なぜ汎アラブ主義を「パーフェクト・ストーム」の論理の例として説明するのですか?

汎アラブ主義はしばしばフラットな言葉で議論され、現象は静的なイデオロギー変数として扱われてきましたが、これはまた、東洋的な読みの結果であると言えると思います。 感情を特権化し、社会を一面的に表現し(たとえば、バーナード・ルイスのイメージでは、いわゆるアラブの「路上の人」)、不変の条件のもとに描き出すこの運動は、欧米の学術文献では「激流」として、「ガス抜き」として、やがてサバルタンとその「激しいフラストレーション」の表現形式として存在するようになる。 視点を移し、歴史化すれば、汎アラブ主義は、それとは異なって、「歴史的に位置づけられた」多層的な運動として浮上する。
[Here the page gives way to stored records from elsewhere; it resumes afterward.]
(* Let $R$ be an arithmetic ring of Krull dimension $0$. Then $\lambda\text{-}\dim(R)\le 2$.
   Context: All rings are commutative with identity. $R$ is arithmetic if $R_M$ is a valuation ring (ideals totally ordered by inclusion) for every maximal ideal $M$. For an $R$-module $E$, $\lambda_R(E)$ is the supremum of the $n$ for which there is an exact sequence $F_n\to\cdots\to F_0\to E\to0$ with $F_i$ free of finite rank ($-1$ if $E$ is not finitely generated); $\lambda\text{-}\dim(R)$ is the least $n$ (or $\infty$) such that $\lambda_R(E)\ge n$ implies $\lambda_R(E)=\infty$ for all $R$-modules $E$. *)

From HB Require Import structures.
From mathcomp Require Import all_boot all_order all_algebra.
Set Implicit Arguments. Unset Strict Implicit. Unset Printing Implicit Defensive.
Import GRing.Theory.
Local Open Scope ring_scope.

Section Ideals.
Variable R : comNzRingType.

Definition is_ideal (I : R -> Prop) : Prop :=
  [/\ I 0, (forall x y, I x -> I y -> I (x + y)) & (forall a x, I x -> I (a * x))].

Definition prime_ideal (P : R -> Prop) : Prop :=
  [/\ is_ideal P, ~ P 1 & (forall a b, P (a * b) -> P a \/ P b)].

Definition maximal_ideal (M : R -> Prop) : Prop :=
  [/\ is_ideal M, ~ M 1 &
     (forall J : R -> Prop, is_ideal J -> ~ J 1 -> (forall x, M x -> J x) ->
        forall x, J x -> M x)].

Definition prime_chain (P : nat -> R -> Prop) (n : nat) : Prop :=
  (forall i, (i <= n)%N -> prime_ideal (P i)) /\
  (forall i, (i < n)%N ->
     (forall x, P i x -> P i.+1 x) /\ exists x, P i.+1 x /\ ~ P i x).

Definition krull_dim_eq (d : nat) : Prop :=
  (exists P, prime_chain P d) /\ ~ (exists P, prime_chain P d.+1).

(* The localization R_M, presented as fractions (a, s) with s outside M,
   modulo (a,s) ~ (b,t) iff u (a t - b s) = 0 for some u outside M. *)
Definition in_loc (M : R -> Prop) (x : R * R) : Prop := ~ M x.2.

Definition frac_equiv (M : R -> Prop) (x y : R * R) : Prop :=
  exists u, ~ M u /\ u * (x.1 * y.2 - y.1 * x.2) = 0.

Definition loc_ideal (M : R -> Prop) (I : R * R -> Prop) : Prop :=
  [/\ (forall x, I x -> in_loc M x),
      (forall x y, in_loc M x -> in_loc M y -> frac_equiv M x y -> I x -> I y),
      I (0, 1),
      (forall x y, I x -> I y -> I (x.1 * y.2 + y.1 * x.2, x.2 * y.2)) &
      (forall c x, in_loc M c -> I x -> I (c.1 * x.1, c.2 * x.2))].

Definition localization_is_valuation (M : R -> Prop) : Prop :=
  forall I J, loc_ideal M I -> loc_ideal M J ->
    (forall x, I x -> J x) \/ (forall x, J x -> I x).

Definition arithmetic : Prop :=
  forall M, maximal_ideal M -> localization_is_valuation M.

(* There is an exact sequence F_n -> ... -> F_0 -> E -> 0 with F_i = R^(k i)
   free of finite rank; the map F_(i+1) -> F_i is u |-> u *m A i. *)
Definition has_free_pres (E : lmodType R) (n : nat) : Prop :=
  exists (k : nat -> nat) (A : forall i, 'M[R]_(k i.+1, k i))
         (f : {linear 'rV[R]_(k 0) -> E}),
    [/\ (forall e : E, exists u, f u = e),
        ((0 < n)%N -> forall u, f u = 0 <-> exists v, u = v *m A 0) &
        (forall i, (i.+1 < n)%N -> forall u : 'rV[R]_(k i.+1),
             u *m A i = 0 <-> exists v, u = v *m A i.+1)].

Definition lambda_ge (E : lmodType R) (n : nat) : Prop := has_free_pres E n.

Definition lambda_infinite (E : lmodType R) : Prop := forall n, has_free_pres E n.

Definition lambda_dim_le (d : nat) : Prop :=
  exists n, (n <= d)%N /\
    forall E : lmodType R, lambda_ge E n -> lambda_infinite E.

End Ideals.

From mathcomp Require Import all_boot all_order all_algebra perm ring.
From mathcomp Require classical_sets boolp.
From Stdlib Require Import Classical.
Set Implicit Arguments. Unset Strict Implicit. Unset Printing Implicit Defensive.
Import GRing.Theory.
Local Open Scope ring_scope.

(* Fix a maximal ideal M. As R has Krull dimension 0, the elements of M are
   nilpotent in R_M and the others are units there; as R is arithmetic,
   divisibility in R_M is total. Hence, up to elements outside M, every matrix
   over R is equivalent to a diagonal one (a Smith normal form over R_M).
   Given an exact sequence R^k2 -A1-> R^k1 -A0-> R^k0, this produces at M an
   explicit finite matrix whose rows lie in ker A1 and span it near M; the key
   point is that in the zero-dimensional valuation ring R_M, Ann(d) <= (h)
   implies Ann(h) <= (d). The elements r for which some finite matrix spans
   ker A1 up to powers of r form an ideal that meets the complement of every
   maximal ideal, hence contains 1, so ker A1 is finitely generated. Iterating
   this along F2 -> F1 -> F0 -> E -> 0 yields free resolutions of any length. *)

Section Ideals.
Variable R : comNzRingType.
Implicit Types (I A M P : R -> Prop) (a b r u x y : R).

Lemma is_ideal0 I : is_ideal I -> I 0.
Proof. by case. Qed.

Lemma is_idealD I x y : is_ideal I -> I x -> I y -> I (x + y).
Proof. by case=> _ + _; apply. Qed.

Lemma is_idealMl I a x : is_ideal I -> I x -> I (a * x).
Proof. by case=> _ _; apply. Qed.

Lemma is_idealMr I a x : is_ideal I -> I x -> I (x * a).
Proof. by rewrite mulrC; apply: is_idealMl. Qed.

Definition ideal_adjoin I x : R -> Prop := fun z => exists p r, I p /\ z = p + r * x.

Lemma ideal_adjoin_ideal I x : is_ideal I -> is_ideal (ideal_adjoin I x).
Proof.
move=> hI; split.
- by exists 0, 0; rewrite mul0r addr0; split => //; apply: is_ideal0.
- move=> y z [p [r [Ip ->]]] [p' [r' [Ip' ->]]].
  exists (p + p'), (r + r'); split; first exact: is_idealD.
  by rewrite mulrDl addrACA.
- move=> c y [p [r [Ip ->]]]; exists (c * p), (c * r); split; first exact: is_idealMl.
  by rewrite mulrDr mulrA.
Qed.

Lemma ideal_adjoin_sub I x y : I y -> ideal_adjoin I x y.
Proof. by move=> Iy; exists y, 0; rewrite mul0r addr0. Qed.

Lemma ideal_adjoin_gen I x : is_ideal I -> ideal_adjoin I x x.
Proof. by exists 0, 1; rewrite mul1r add0r; split => //; apply: is_ideal0. Qed.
それは、(オスマン帝国であれ西洋であれ)物理的な占領に対して勢いをつけ、アラブ帝国の深い歴史に触れて感情に訴える根拠を作り、(主に言語的)文化的共通性を利用して植民地支配者に対する政治の統一を求めていること、国民国家がこれらの国々の国家建設プロセスの現代の標準として浮上している歴史の瞬間にそのすべてを実行に移していることだ。 オスマン帝国の崩壊、植民地主義のベルエポック、ナショナリズムの黄金時代、さらに反植民地運動の高まりが重なったことで、解放、近代化、自治を求める国内の動きと最適な形で外的状況が一致し、そのすべてが汎アラブ主義を力強く推進している。 それを体現するカリスマ的指導者、エジプトのガマル・アブデル・ナセルの存在は、こうした「パーフェクトストーム」の実現をさらに容易にした。 8134>

アラブ民族と汎民族のイデオロギーにはどのような緊張と障害があり、それらはどのように克服されたのだろうか。 しかし、それは2つの主要な断層を伴っていた。 1つは、事実上、地元のマシュリキとマグレブのアイデンティティを超越して、包括的なアラブのグループの下に統合しようとするトランスナショナルな政治を提唱する運動と、地元の政治物語と国内主権システムの追求の間の初期の緊張である。 文化的な願望として、最初のダイナミズムは文学や詩で表現され、19世紀には「目覚め」「ルネッサンス」「上昇」の動きを表すいくつかの社会政治的な概念でとらえられ、初期のアラブ民族主義の思想家であるリファー・アル・タフターイー、アブデルラフマン・アル・カワキビ、サティー・アル・フスリーがそのことを語っている。 しかし、各国が独自のプロジェクトを進めれば進めるほど、汎アラブ主義は空洞化し、「アルジェリア的」「モロッコ的」「エジプト的」「シリア的」「イラク的」などがこれらの国々の市民の心を支配し始め、その区別はますますつかなくなる。 汎アラブ主義の第二の欠点は、その訴求力の根拠と、アラブの歴史に関する矛盾に関わるものであった。 汎アラブ主義は、アラブの黄金時代をルネッサンスとして、現代に生きるアラブの近代的、近代的なプラットフォームを求めるものであった。 しかし、その黄金時代はアラブ・イスラーム帝国のものであり、世俗的なイデオロギーではなく、宗教によって推進されたものであった。 8134>

汎アラブ主義の議論は、この運動がヨーロッパのナショナリズムの思想に影響されていたことを考えると、ハンドブックのテーマである南-南関係研究にどのように役立つのでしょうか。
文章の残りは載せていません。